Reproduce exactly the lines below from the one containing "unfold Fth in Hth; unfold listed_point." through the one containing "Lemma discriminant_diagonal N", including both, and nothing else.

═════ RECORDS PROVIDED

Let ratio_pos : 0 < INR q / INR p.
Proof. apply Rdiv_lt_0_compat; apply lt_0_INR; assumption. Qed.

Lemma alpha0_bounds : 0 < alpha0 p q < PI / 2.
Proof.
  unfold alpha0; split; [|apply atan_bound].
  rewrite <- atan_0; apply atan_increasing, sqrt_lt_R0, ratio_pos.
Qed.

Lemma alpha0_balance :
  INR q * cos (alpha0 p q) * cos (alpha0 p q) = INR p * sin (alpha0 p q) * sin (alpha0 p q).
Proof.
  pose proof alpha0_bounds as Hb; pose proof (lt_0_INR _ hp).
  assert (Hc : 0 < cos (alpha0 p q)) by (apply cos_gt_0; lra).
  assert (Hs : sin (alpha0 p q) = sqrt (INR q / INR p) * cos (alpha0 p q)).
  { rewrite <- (tan_atan (sqrt (INR q / INR p))); fold (alpha0 p q).
    unfold tan; field; lra. }
  rewrite Hs.
  replace (INR p * (sqrt (INR q / INR p) * cos (alpha0 p q)) *
             (sqrt (INR q / INR p) * cos (alpha0 p q)))
    with (INR p * (sqrt (INR q / INR p) * sqrt (INR q / INR p)) *
            cos (alpha0 p q) * cos (alpha0 p q)) by ring.
  rewrite sqrt_sqrt by (apply Rlt_le, ratio_pos); field; lra.
Qed.

Lemma alpha0_unique th :
  0 <= th <= PI / 2 -> INR q * cos th * cos th = INR p * sin th * sin th -> th = alpha0 p q.
Proof.
  intros Hth Hbal; pose proof (lt_0_INR _ hp); pose proof (lt_0_INR _ hq).
  assert (Hlt : th < PI / 2).
  { destruct (Rle_lt_or_eq_dec _ _ (proj2 Hth)) as [|Heq]; [assumption|].
    rewrite Heq, cos_PI2, sin_PI2 in Hbal; lra. }
  assert (Hgt : 0 < th).
  { destruct (Rle_lt_or_eq_dec _ _ (proj1 Hth)) as [|Heq]; [assumption|].
    rewrite <- Heq, cos_0, sin_0 in Hbal; lra. }
  assert (Hc : 0 < cos th) by (apply cos_gt_0; lra).
  assert (Hs : 0 < sin th) by (apply sin_gt_0; pose proof PI_RGT_0; lra).
  assert (Htan : tan th = sqrt (INR q / INR p)).
  { rewrite <- (sqrt_square (tan th)) by (unfold tan; apply Rlt_le, Rdiv_lt_0_compat; lra).
    f_equal; unfold tan; field_simplify_eq; [|lra].
    nra. }
  unfold alpha0; rewrite <- Htan, atan_tan; lra.
Qed.

End Alpha0.

Lemma Fal_diagonal p q th :
  Fal p q th th = INR q * cos th * cos th - INR p * sin th * sin th.
Proof. unfold Fal; ring. Qed.

Lemma Fal_antidiagonal p q th :
  Fal p q th (th + PI) = - (INR q * cos th * cos th - INR p * sin th * sin th).
Proof. unfold Fal; rewrite neg_cos, neg_sin; ring. Qed.

Lemma stationary_shift_2kPI p q th al k :
  stationary p q th (al + 2 * IZR k * PI) <-> stationary p q th al.
Proof.
  unfold stationary, Fth, Fal.
  replace (al + 2 * IZR k * PI - th) with (al - th + 2 * IZR k * PI) by ring.
  rewrite !sin_plus_2kPI, !cos_plus_2kPI; reflexivity.
Qed.

Lemma listed_point_in_R a0 th al : 0 < a0 < PI / 2 -> listed_point a0 th al -> inR th al.
Proof.
  intros Ha0 Hpt; pose proof PI_RGT_0; unfold listed_point, inR, inR1, inR2 in *.
  destruct Hpt as [[-> ->]|[[-> ->]|[[-> ->]|[[-> ->]|[[-> ->]|[-> ->]]]]]];
    [left|right|left|right|left|left]; lra.
Qed.

Section Stationary.

Variables p q : nat.
Hypotheses (hp : (0 < p)%nat) (hq : (0 < q)%nat).

Lemma listed_point_stationary th al :
  listed_point (alpha0 p q) th al -> stationary p q th al.
Proof.
  pose proof (alpha0_balance p q hp hq) as Hbal.
  unfold listed_point, stationary;
  intros [[-> ->]|[[-> ->]|[[-> ->]|[[-> ->]|[[-> ->]|[-> ->]]]]]];
    try rewrite Fal_diagonal; try rewrite Fal_antidiagonal; unfold Fth, Fal.
  - rewrite Rminus_diag, sin_0; split; [ring|lra].
  - rewrite Rplus_minus_l, sin_PI; split; [ring|lra].
  - rewrite sin_0, cos_PI2; split; ring.
  - replace (3 * PI / 2) with (3 * (PI / 2)) by field.
    rewrite sin_0, cos_3PI2; split; ring.
  - rewrite cos_PI2, sin_0; split; ring.
  - rewrite cos_PI2, sin_PI; split; ring.
Qed.

Lemma stationary_in_R_listed th al :
  inR th al -> stationary p q th al ->
  exists k : Z, listed_point (alpha0 p q) th (al + 2 * IZR k * PI).
Proof.
  intros Hreg [Hth Hal]; pose proof (lt_0_INR _ hp); pose proof (lt_0_INR _ hq).
  assert (Hquad : 0 <= th <= PI / 2) by (destruct Hreg as [[]|[]]; assumption).
  assert (Hdiff : - (PI / 2) <= al - th <= 3 * PI / 2)
    by (pose proof PI_RGT_0; destruct Hreg as [[]|[]]; lra).
  unfold Fth in Hth; unfold listed_point.
  destruct (Rmult_integral _ _ Hth) as [Hsc|Hs].
  - destruct (Rmult_integral _ _ Hsc) as [H3s|Hc].
    + assert (Hs : sin th = 0) by (destruct (Rmult_integral _ _ H3s); lra).
      apply sin_eq_0_first_quadrant in Hs; [subst th|assumption].
      unfold Fal in Hal; rewrite cos_0, sin_0 in Hal.
      destruct (cos_eq_0_mod_2PI al) as [k Hk]; [nra|].
      exists k; destruct Hk; tauto.
    + apply cos_eq_0_first_quadrant in Hc; [subst th|assumption].
      unfold Fal in Hal; rewrite cos_PI2, sin_PI2 in Hal.
      destruct (sin_eq_0_mod_2PI al) as [k Hk]; [nra|].
      exists k; destruct Hk; tauto.
  - exists 0%Z; rewrite Rmult_0_r, Rmult_0_l, Rplus_0_r.
    destruct (sin_eq_0_between _ Hdiff Hs) as [Hal0|HalPI].
    + replace al with th in * by lra; rewrite Fal_diagonal in Hal.
      rewrite <- (alpha0_unique p q hp hq th); [tauto|assumption|lra].
    + replace al with (th + PI) in * by lra; rewrite Fal_antidiagonal in Hal.
      rewrite <- (alpha0_unique p q hp hq th); [tauto|assumption|lra].
Qed.

End Stationary.

Lemma lin_saddle_at_theta_0 p q al : (0 < q)%nat -> cos al = 0 -> lin saddle p q 0 al.
Proof.
  intros hq Hc; pose proof (lt_0_INR _ hq).
  assert (Hs : sin al * sin al = 1)
    by (pose proof (sin2_cos2 al); rewrite Hc in *; unfold Rsqr in *; lra).
  apply lin_saddle_on_axes; [rewrite sin_0; ring|].
  rewrite jac_a_formula, jac_d_formula, Rminus_0_r, sin_0, cos_0, Hc.
  nra.
Qed.

Lemma lin_saddle_at_theta_PI2 p q al : (0 < p)%nat -> sin al = 0 -> lin saddle p q (PI / 2) al.
Proof.
  intros hp Hs; pose proof (lt_0_INR _ hp).
  assert (Hc : cos al * cos al = 1)
    by (pose proof (sin2_cos2 al); rewrite Hs in *; unfold Rsqr in *; lra).
  apply lin_saddle_on_axes; [rewrite cos_PI2; ring|].
  rewrite jac_a_formula, jac_d_formula, sin_minus, cos_minus, sin_PI2, cos_PI2, Hs.
  nra.
Qed.

Lemma discriminant_diagonal N m :
  discriminant (- 3 * m) (3 * m) (- N * m) (- N * m) = m * m * (N * N - 18 * N + 9).
Proof. unfold discriminant; ring. Qed.

Lemma discriminant_antidiagonal N m :
  discriminant (3 * m) (- 3 * m) (N * m) (N * m) = m * m * (N * N - 18 * N + 9).
Proof. unfold discriminant; ring. Qed.

(* The roots of [N^2 - 18 N + 9] are [9 -+ 6 sqrt 2], about 0.51 and 17.49. *)
Lemma threshold_quadratic_neg (n : nat) :
  (1 <= n <= 17)%nat -> INR n * INR n - 18 * INR n + 9 < 0.
Proof.
  intros [H1 H17]; apply le_INR in H1, H17.
  rewrite (INR_IZR_INZ 17) in H17; simpl in H1, H17; nra.
Qed.

Lemma threshold_quadratic_pos (n : nat) :
  (18 <= n)%nat -> 0 < INR n * INR n - 18 * INR n + 9.
Proof.
  intro H18; apply le_INR in H18; rewrite (INR_IZR_INZ 18) in H18; simpl in H18; nra.
Qed.

Section DiagonalMatrices.

Variables (n : nat) (m : R).
Hypothesis m_pos : 0 < m.

Let N_nonneg : 0 <= INR n.
Proof. apply pos_INR. Qed.

Let m_sq_pos : 0 < m * m.
Proof. apply Rmult_lt_0_compat; assumption. Qed.

Lemma spiral_sink_diagonal :
  (1 <= n <= 17)%nat -> spiral_sink (- 3 * m) (3 * m) (- INR n * m) (- INR n * m).
Proof.
  intro Hn; apply spiral_sink_of_trace_neg; [nra|].
  rewrite discriminant_diagonal; pose proof (threshold_quadratic_neg n Hn); nra.
Qed.

Lemma nodal_sink_diagonal :
  (18 <= n)%nat -> nodal_sink (- 3 * m) (3 * m) (- INR n * m) (- INR n * m).
Proof.
  intro Hn; pose proof (lt_0_INR n ltac:(lia)).
  apply nodal_sink_of_trace_neg; [nra|nra|].
  rewrite discriminant_diagonal; pose proof (threshold_quadratic_pos n Hn); nra.
Qed.

Lemma spiral_source_antidiagonal :
  (1 <= n <= 17)%nat -> spiral_source (3 * m) (- 3 * m) (INR n * m) (INR n * m).
Proof.
  intro Hn; apply spiral_source_of_trace_pos; [nra|].
  rewrite discriminant_antidiagonal; pose proof (threshold_quadratic_neg n Hn); nra.
Qed.

Lemma nodal_source_antidiagonal :
  (18 <= n)%nat -> nodal_source (3 * m) (- 3 * m) (INR n * m) (INR n * m).
Proof.
  intro Hn; pose proof (lt_0_INR n ltac:(lia)).
  apply nodal_source_of_trace_pos; [nra|nra|].
  rewrite discriminant_antidiagonal; pose proof (threshold_quadratic_pos n Hn); nra.
Qed.

End DiagonalMatrices.

Theorem lemma4p4 (p q : nat) (hp : (0 < p)%nat) (hq : (0 < q)%nat) :
  let a0 := atan (sqrt (INR q / INR p)) in
  (forall th al, listed_point a0 th al -> inR th al) /\
  (forall th al, inR th al ->
     (stationary p q th al <->
      exists k : Z, listed_point a0 th (al + 2 * IZR k * PI))) /\
  ((p + q <= 17)%nat -> lin spiral_sink p q a0 a0) /\
  ((18 <= p + q)%nat -> lin nodal_sink p q a0 a0) /\
  ((p + q <= 17)%nat -> lin spiral_source p q a0 (a0 + PI)) /\
  ((18 <= p + q)%nat -> lin nodal_source p q a0 (a0 + PI)) /\
  lin saddle p q 0 (PI / 2) /\ lin saddle p q 0 (3 * PI / 2) /\
  lin saddle p q (PI / 2) 0 /\ lin saddle p q (PI / 2) PI.
Proof.
  intro a0; change a0 with (alpha0 p q).
  pose proof (alpha0_bounds p q hp hq) as Ha0.
  assert (Hm : 0 < sin (alpha0 p q) * cos (alpha0 p q)).
  { pose proof PI_RGT_0; apply Rmult_lt_0_compat; [apply sin_gt_0|apply cos_gt_0]; lra. }
  split; [intros th al; apply listed_point_in_R, Ha0|].
  split.
  { intros th al Hreg; split; [apply stationary_in_R_listed; assumption|].
    intros [k Hk]; apply (stationary_shift_2kPI _ _ _ _ k).
    apply listed_point_stationary; assumption. }
  split; [intro Hn; apply lin_diagonal, spiral_sink_diagonal; [exact Hm|lia]|].
  split; [intro Hn; apply lin_diagonal, nodal_sink_diagonal; [exact Hm|lia]|].
  split; [intro Hn; apply lin_antidiagonal, spiral_source_antidiagonal; [exact Hm|lia]|].
  split; [intro Hn; apply lin_antidiagonal, nodal_source_antidiagonal; [exact Hm|lia]|].
  split; [apply lin_saddle_at_theta_0; [exact hq|apply cos_PI2]|].
  split.
  { apply lin_saddle_at_theta_0; [exact hq|].
    replace (3 * PI / 2) with (3 * (PI / 2)) by field; apply cos_3PI2. }
  split; apply lin_saddle_at_theta_PI2; [exact hp|apply sin_0|exact hp|apply sin_PI].
Qed.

══════════

● SOLUTION TO THIS PROBLEM
  unfold Fth in Hth; unfold listed_point.
  destruct (Rmult_integral _ _ Hth) as [Hsc|Hs].
  - destruct (Rmult_integral _ _ Hsc) as [H3s|Hc].
    + assert (Hs : sin th = 0) by (destruct (Rmult_integral _ _ H3s); lra).
      apply sin_eq_0_first_quadrant in Hs; [subst th|assumption].
      unfold Fal in Hal; rewrite cos_0, sin_0 in Hal.
      destruct (cos_eq_0_mod_2PI al) as [k Hk]; [nra|].
      exists k; destruct Hk; tauto.
    + apply cos_eq_0_first_quadrant in Hc; [subst th|assumption].
      unfold Fal in Hal; rewrite cos_PI2, sin_PI2 in Hal.
      destruct (sin_eq_0_mod_2PI al) as [k Hk]; [nra|].
      exists k; destruct Hk; tauto.
  - exists 0%Z; rewrite Rmult_0_r, Rmult_0_l, Rplus_0_r.
    destruct (sin_eq_0_between _ Hdiff Hs) as [Hal0|HalPI].
    + replace al with th in * by lra; rewrite Fal_diagonal in Hal.
      rewrite <- (alpha0_unique p q hp hq th); [tauto|assumption|lra].
    + replace al with (th + PI) in * by lra; rewrite Fal_antidiagonal in Hal.
      rewrite <- (alpha0_unique p q hp hq th); [tauto|assumption|lra].
Qed.

End Stationary.

Lemma lin_saddle_at_theta_0 p q al : (0 < q)%nat -> cos al = 0 -> lin saddle p q 0 al.
Proof.
  intros hq Hc; pose proof (lt_0_INR _ hq).
  assert (Hs : sin al * sin al = 1)
    by (pose proof (sin2_cos2 al); rewrite Hc in *; unfold Rsqr in *; lra).
  apply lin_saddle_on_axes; [rewrite sin_0; ring|].
  rewrite jac_a_formula, jac_d_formula, Rminus_0_r, sin_0, cos_0, Hc.
  nra.
Qed.

Lemma lin_saddle_at_theta_PI2 p q al : (0 < p)%nat -> sin al = 0 -> lin saddle p q (PI / 2) al.
Proof.
  intros hp Hs; pose proof (lt_0_INR _ hp).
  assert (Hc : cos al * cos al = 1)
    by (pose proof (sin2_cos2 al); rewrite Hs in *; unfold Rsqr in *; lra).
  apply lin_saddle_on_axes; [rewrite cos_PI2; ring|].
  rewrite jac_a_formula, jac_d_formula, sin_minus, cos_minus, sin_PI2, cos_PI2, Hs.
  nra.
Qed.

Lemma discriminant_diagonal N m :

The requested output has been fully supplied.